UK shares have continued to regain some of the ground lost in the wake of the Brexit vote.
After rising 2.6% on Tuesday, the FTSE 100 share index opened up 1.6% at 6,240.31.
The more UK-focused FTSE 250 index rose 1.6% in early trade, On Tuesday it had closed 3.6% higher.
After rising on Tuesday, the pound was little changed against the dollar at $1.3341 (£1.00). Sterling had risen as high as $1.50 (£1.12) before the referendum.
On Monday, the currency had plunged to a 31-year low against the dollar.

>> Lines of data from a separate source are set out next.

(* Let $S$ be an atomic base, $\Gamma=x_1:A_1,\dots,x_n:A_n$ a context and $t$ a proof-term with $tFV(t)\subseteq\{x_1,\dots,x_n\}$. Then the term $t$ of $A$ from $\Gamma$ is valid in the E-phase model if and only if it is E-valid, i.e. if and only if $t[x_1:=t_1,\dots,x_n:=t_n]\in A^*$ for all closed terms $t_i\in A_i^*$ ($1\le i\le n$) exactly when $t$ is qE-valid.
   Context: System $\mathbf{IL}_{\mathbf{at}}$: formulas $A ::= X\mid A\to B\mid\forall X.A$ ($X$ atoms); terms $t ::= x\mid c^A\mid \lambda x.t\mid ts\mid\Lambda X.t\mid tX$ (with a term-constant $c^A$ for every formula $A$; $tX$ only for atoms $X$); typing judgments $\Gamma\vdash t:A$ derived by the rules: $\Gamma,x:A\vdash x:A$; $\Gamma\vdash c^A:A$; $\lambda$-abstraction ($\to$i); application ($\to$e); $\Lambda X.t:\forall X.A$ from $t:A$ when $X$ is not free in the formulas of $\Gamma$ ($\forall$i); $tY:A[X:=Y]$ from $t:\forall X.A$ for an atom $Y$ ($\forall$e). $tFV(t)$: free term-variables; closed = no free term-variables. $\beta$-reduction $(\lambda x.t)s\to_\beta t[x:=s]$, $(\Lambda X.t)Y\to_\beta t[X:=Y]$ in any subterm position; normal = no redex; $\twoheadrightarrow$ its reflexive-transitive closure. For a formula $A$, $[\![A]\!]$ is the set of closed terms $t$ such that $t\twoheadrightarrow s$ for some normal $s$ with $\vdash s:A$ derivable (empty context). E-phase model: an interpretation $A\mapsto A^*$ of formulas as sets of closed terms, defined by induction: $X^*=[\![X]\!]$; $(A\to B)^*=\{t \text{ closed}\mid ts\in B^* \text{ for every } s\in A^*\}$; $(\forall X.A)^*=\{t\text{ closed}\mid tY\in (A[X:=Y])^*\text{ for every atom } Y\}$. A term $t$ of $A$ from $x_1:A_1,\dots,x_n:A_n$ with $tFV(t)\subseteq\{x_1,\dots,x_n\}$ is valid in the E-phase model iff $t[x_1:=t_1,\dots,x_n:=t_n]\in A^*$ for all $t_i\in A_i^*$. An atomic base $S$ is a set of term-constants $c^X$ for atoms $X$; a proof-term contains no term-constants other than those in $S$. qE-validity: a closed $t$ of atom $X$ is qE-valid iff $t\in[\![X]\!]$; a closed $t$ of $B\to C$ is qE-valid iff $ts$ of $C$ is qE-valid for every qE-valid closed $s$ of $B$; a closed $t$ of $\forall X.A$ is qE-valid iff $tY$ of $A[X:=Y]$ is qE-valid for every atom $Y$; $t$ of $A$ from $x_1:A_1,\dots,x_n:A_n$ is qE-valid iff $t[\vec{t_i}]$ is qE-valid for all qE-valid closed $t_i$ of $A_i$. E-valid = proof-term and qE-valid. *)

(* System IL_at in locally nameless representation:
   free atoms / term variables are names (nat), bound ones are de Bruijn
   indices.  Binders of the named presentation (lambda x, Lambda X, forall X)
   are rendered by indices; named rules with side conditions are rendered
   with an explicit fresh name. *)
From Stdlib Require Import List Arith.
Import ListNotations.

Inductive atom : Type := AF (X : nat) | AB (i : nat) .

Inductive form : Type :=
| At (a : atom)
| Imp (A B : form)
| All (A : form).  (* forall X. A, the body uses AB 0 for X *)

Inductive term : Type :=
| FV (x : nat)
| BV (i : nat)
| Cst (A : form)
| Lam (t : term)
| App (t s : term)
| TLam (t : term)
| TApp (t : term) (a : atom).

Fixpoint fsize (A : form) : nat :=
  match A with
  | At _ => 1
  | Imp B C => S (fsize B + fsize C)
  | All B => S (fsize B)
  end.

Definition atom_wf (d : nat) (a : atom) : Prop :=
  match a with AF _ => True | AB i => i < d end.

Fixpoint form_wf (d : nat) (A : form) : Prop :=
  match A with
  | At a => atom_wf d a
  | Imp B C => form_wf d B /\ form_wf d C
  | All B => form_wf (S d) B
  end.

Fixpoint term_wf (dt da : nat) (t : term) : Prop :=
  match t with
  | FV _ => True
  | BV i => i < dt
  | Cst A => form_wf da A
  | Lam u => term_wf (S dt) da u
  | App u v => term_wf dt da u /\ term_wf dt da v
  | TLam u => term_wf dt (S da) u
  | TApp u a => term_wf dt da u /\ atom_wf da a
  end.

Definition lc_form (A : form) : Prop := form_wf 0 A.
Definition lc_term (t : term) : Prop := term_wf 0 0 t.

Definition fva_atom (a : atom) : list nat :=
  match a with AF X => [X] | AB _ => [] end.

Fixpoint fva_form (A : form) : list nat :=
  match A with
  | At a => fva_atom a
  | Imp B C => fva_form B ++ fva_form C
  | All B => fva_form B
  end.

Fixpoint fva_term (t : term) : list nat :=
  match t with
  | FV _ | BV _ => []
  | Cst A => fva_form A
  | Lam u | TLam u => fva_term u
  | App u v => fva_term u ++ fva_term v
  | TApp u a => fva_term u ++ fva_atom a
  end.

Fixpoint tFV (t : term) : list nat :=
  match t with
  | FV x => [x]
  | BV _ | Cst _ => []
  | Lam u | TLam u => tFV u
  | App u v => tFV u ++ tFV v
  | TApp u _ => tFV u
  end.

Definition ctx := list (nat * form).

Definition fva_ctx (G : ctx) : list nat := flat_map (fun p => fva_form (snd p)) G.

Definition closed (t : term) : Prop := lc_term t /\ tFV t = [].

Definition open_atom (k Y : nat) (a : atom) : atom :=
  match a with
  | AB i => if Nat.eqb i k then AF Y else AB i
  | AF X => AF X
  end.

Fixpoint open_form_rec (k Y : nat) (A : form) : form :=
  match A with
  | At a => At (open_atom k Y a)
  | Imp B C => Imp (open_form_rec k Y B) (open_form_rec k Y C)
  | All B => All (open_form_rec (S k) Y B)
  end.

Definition open_form (A : form) (Y : nat) : form := open_form_rec 0 Y A.

Fixpoint open_ta_rec (k Y : nat) (t : term) : term :=
  match t with
  | FV x => FV x
  | BV i => BV i
  | Cst A => Cst (open_form_rec k Y A)
  | Lam u => Lam (open_ta_rec k Y u)
  | App u v => App (open_ta_rec k Y u) (open_ta_rec k Y v)
  | TLam u => TLam (open_ta_rec (S k) Y u)
  | TApp u a => TApp (open_ta_rec k Y u) (open_atom k Y a)
  end.

Definition open_ta (t : term) (Y : nat) : term := open_ta_rec 0 Y t.

Fixpoint open_tt_rec (k : nat) (s : term) (t : term) : term :=
  match t with
  | FV x => FV x
  | BV i => if Nat.eqb i k then s else BV i
  | Cst A => Cst A
  | Lam u => Lam (open_tt_rec (S k) s u)
  | App u v => App (open_tt_rec k s u) (open_tt_rec k s v)
  | TLam u => TLam (open_tt_rec k s u)
  | TApp u a => TApp (open_tt_rec k s u) a
  end.

Definition open_tt (t s : term) : term := open_tt_rec 0 s t.

Inductive typing : ctx -> term -> form -> Prop :=
| ty_var G x A : In (x, A) G -> typing G (FV x) A
| ty_cst G A : typing G (Cst A) A
| ty_lam G A B t x :
    ~ In x (map fst G) -> ~ In x (tFV t) ->
    typing ((x, A) :: G) (open_tt t (FV x)) B ->
    typing G (Lam t) (Imp A B)
| ty_app G A B t s :
    typing G t (Imp A B) -> typing G s A -> typing G (App t s) B
| ty_tlam G A t X :
    ~ In X (fva_ctx G) -> ~ In X (fva_term t) -> ~ In X (fva_form A) ->
    typing G (open_ta t X) (open_form A X) ->
    typing G (TLam t) (All A)
| ty_tapp G A t Y :
    typing G t (All A) -> typing G (TApp t (AF Y)) (open_form A Y).

Inductive step : term -> term -> Prop :=
| st_beta t s : step (App (Lam t) s) (open_tt t s)
| st_tbeta t Y : step (TApp (TLam t) (AF Y)) (open_ta t Y)
| st_appl t t' s : step t t' -> step (App t s) (App t' s)
| st_appr t s s' : step s s' -> step (App t s) (App t s')
| st_tapp t t' a : step t t' -> step (TApp t a) (TApp t' a)
| st_lam t t' x :
    ~ In x (tFV t) -> ~ In x (tFV t') ->
    step (open_tt t (FV x)) (open_tt t' (FV x)) -> step (Lam t) (Lam t')
| st_tlam t t' X :
    ~ In X (fva_term t) -> ~ In X (fva_term t') ->
    step (open_ta t X) (open_ta t' X) -> step (TLam t) (TLam t').

Inductive red : term -> term -> Prop :=
| red_refl t : red t t
| red_step t u v : step t u -> red u v -> red t v.

Fixpoint normal (t : term) : Prop :=
  match t with
  | FV _ | BV _ | Cst _ => True
  | Lam u | TLam u => normal u
  | App u v =>
      match u with Lam _ => False | _ => normal u /\ normal v end
  | TApp u _ =>
      match u with TLam _ => False | _ => normal u end
  end.

Definition den (A : form) (t : term) : Prop :=
  closed t /\ exists s, red t s /\ normal s /\ typing [] s A.

Fixpoint phase_fuel (n : nat) (A : form) (t : term) : Prop :=
  match n with
  | 0 => False
  | S n =>
    match A with
    | At (AF X) => den (At (AF X)) t
    | At (AB _) => False
    | Imp B C => closed t /\ forall s, phase_fuel n B s -> phase_fuel n C (App t s)
    | All B => closed t /\ forall Y, phase_fuel n (open_form B Y) (TApp t (AF Y))
    end
  end.

Definition star (A : form) (t : term) : Prop := phase_fuel (fsize A) A t.

Fixpoint qE_fuel (n : nat) (A : form) (t : term) : Prop :=
  match n with
  | 0 => False
  | S n =>
    match A with
    | At (AF X) => den (At (AF X)) t
    | At (AB _) => False
    | Imp B C => forall s, closed s -> qE_fuel n B s -> qE_fuel n C (App t s)
    | All B => forall Y, qE_fuel n (open_form B Y) (TApp t (AF Y))
    end
  end.

Definition qE_closed (t : term) (A : form) : Prop :=
  closed t /\ qE_fuel (fsize A) A t.

Fixpoint lookup (x : nat) (sg : list (nat * term)) : option term :=
  match sg with
  | [] => None
  | (y, s) :: sg' => if Nat.eqb x y then Some s else lookup x sg'
  end.

Fixpoint msubst (sg : list (nat * term)) (t : term) : term :=
  match t with
  | FV x => match lookup x sg with Some s => s | None => FV x end
  | BV i => BV i
  | Cst A => Cst A
  | Lam u => Lam (msubst sg u)
  | App u v => App (msubst sg u) (msubst sg v)
  | TLam u => TLam (msubst sg u)
  | TApp u a => TApp (msubst sg u) a
  end.

Definition inst (G : ctx) (ts : list term) (t : term) : term :=
  msubst (combine (map fst G) ts) t.

Definition phase_valid (G : ctx) (t : term) (A : form) : Prop :=
  forall ts : list term,
    length ts = length G ->
    Forall2 (fun p ti => star (snd p) ti) G ts ->
    star A (inst G ts t).

Definition qE_valid (G : ctx) (t : term) (A : form) : Prop :=
  forall ts : list term,
    length ts = length G ->
    Forall2 (fun p ti => qE_closed ti (snd p)) G ts ->
    qE_closed (inst G ts t) A.

(* atomic base S: the set of atoms X such that c^X is in S *)
Definition atomic_base := nat -> Prop.

Fixpoint proof_term (S : atomic_base) (t : term) : Prop :=
  match t with
  | FV _ | BV _ => True
  | Cst (At (AF X)) => S X
  | Cst _ => False
  | Lam u | TLam u => proof_term S u
  | App u v => proof_term S u /\ proof_term S v
  | TApp u _ => proof_term S u
  end.

Definition E_valid (S : atomic_base) (G : ctx) (t : term) (A : form) : Prop :=
  proof_term S t /\ qE_valid G t A.

(* Both A^* and qE-validity are defined by the same recursion on A.  They differ
   only in that A^* demands closedness at every level, whereas qE-validity of an
   implication quantifies over closed arguments only.  Since every member of B^*
   is closed and closed terms are stable under application, induction on A shows
   that A^* is exactly the set of closed qE-valid terms of A; the two notions of
   validity of a term in a context then coincide clause by clause, and the
   proof-term half of E-validity is one of the hypotheses. *)
From Stdlib Require Import List Lia.
Import ListNotations.

Lemma fsize_open_form_rec (A : form) (k Y : nat) :
  fsize (open_form_rec k Y A) = fsize A.
Proof.
  revert k; induction A; intros k; simpl; auto.
Qed.

Lemma fsize_open_form (A : form) (Y : nat) : fsize (open_form A Y) = fsize A.
Proof. apply fsize_open_form_rec. Qed.

Lemma closed_App (t s : term) : closed t -> closed s -> closed (App t s).
Proof.
  unfold closed, lc_term; simpl.
  intros [Hwt ->] [Hws ->]; auto.
Qed.

Lemma closed_TApp (t : term) (Y : nat) : closed t -> closed (TApp t (AF Y)).
Proof.
  unfold closed, lc_term; simpl.
  intros [Hwt Hft]; auto.
Qed.

Lemma phase_fuel_closed (n : nat) (A : form) (t : term) :
  phase_fuel n A t -> closed t.
Proof.
  destruct n as [|n]; simpl; [tauto|].
  destruct A as [[X|i]|B C|B]; unfold den; tauto.
Qed.

Lemma phase_fuel_iff_qE_fuel (n m : nat) (A : form) (t : term) :
  fsize A <= n -> fsize A <= m ->
  (phase_fuel n A t <-> closed t /\ qE_fuel m A t).
Proof.
  revert m A t; induction n as [|n IH]; intros m A t Hn Hm.
  - destruct A; simpl in Hn; lia.
  - destruct m as [|m]; [destruct A; simpl in Hm; lia|].
    destruct A as [[X|i]|B C|B]; simpl in Hn, Hm |- *.
    + unfold den; tauto.
    + tauto.
    + assert (IHB : forall s, phase_fuel n B s <-> closed s /\ qE_fuel m B s)
        by (intros; apply IH; lia).
      assert (IHC : forall s, phase_fuel n C s <-> closed s /\ qE_fuel m C s)
        by (intros; apply IH; lia).
      split; intros [Ht Happ]; split; auto.
      * intros s Hs HBs.
        apply IHC, Happ, IHB; auto.
      * intros s HBs.
        pose proof (phase_fuel_closed _ _ _ HBs) as Hs.
        apply IHB in HBs as [_ HBs].
        apply IHC; split; [apply closed_App|apply Happ]; auto.
    + assert (IHB : forall Y s,
                 phase_fuel n (open_form B Y) s <->
                 closed s /\ qE_fuel m (open_form B Y) s)
        by (intros; apply IH; rewrite fsize_open_form; lia).
      split; intros [Ht Hinst]; split; auto; intros Y.
      * apply IHB, Hinst.
      * apply IHB; split; [apply closed_TApp|]; auto.
Qed.

Lemma star_iff_qE_closed (A : form) (t : term) : star A t <-> qE_closed t A.
Proof. apply phase_fuel_iff_qE_fuel; lia. Qed.

Lemma phase_valid_iff_qE_valid (G : ctx) (t : term) (A : form) :
  phase_valid G t A <-> qE_valid G t A.
Proof.
  assert (Hargs : forall ts,
             Forall2 (fun p ti => star (snd p) ti) G ts <->
             Forall2 (fun p ti => qE_closed ti (snd p)) G ts)
    by (intros; split; apply Forall2_impl; intros; apply star_iff_qE_closed; auto).
  unfold phase_valid, qE_valid.
  split; intros Hvalid ts Hlen Hts; apply star_iff_qE_closed, Hvalid, Hargs; auto.
Qed.

Theorem mainTheorem3 (S : atomic_base) (G : ctx) (t : term) (A : form) :
  NoDup (map fst G) ->
  Forall (fun p => lc_form (snd p)) G ->
  lc_form A ->
  lc_term t ->
  (forall x, In x (tFV t) -> In x (map fst G)) ->
  proof_term S t ->
  (phase_valid G t A <-> E_valid S G t A).
Proof.
  intros _ _ _ _ _ Hproof.
  unfold E_valid; rewrite phase_valid_iff_qE_valid; tauto.
Qed.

In volatile trade following the referendum result, the FTSE 100 had dropped 5.6% by the end of Monday, while the FTSE 250 had slumped 13.7%.
“With no likelihood of Article 50 of the Lisbon Treaty getting triggered any time soon, it seems that the status quo isn’t likely to change in the short term”, said chief market analyst at CMC Markets, Michael Hewson.
He continued, “Whilst that doesn’t remove the uncertainty with respect to the eventual outcome, it also means that markets are going to have plenty of time to settle into their new-found reality and equilibrium, as the extra time allotted could well see cooler heads prevail.”
Shares in banks – which had been particularly hard-hit in the wake of the referendum – continued to recover, with Barclays up 4% and RBS 3.3% higher.
The increases came despite credit rating agency Moody’s cutting its outlook on the UK banking sector to “negative” from “stable” late on Tuesday.
Moody’s also downgraded its outlook on the ratings of a number of UK banks and insurers.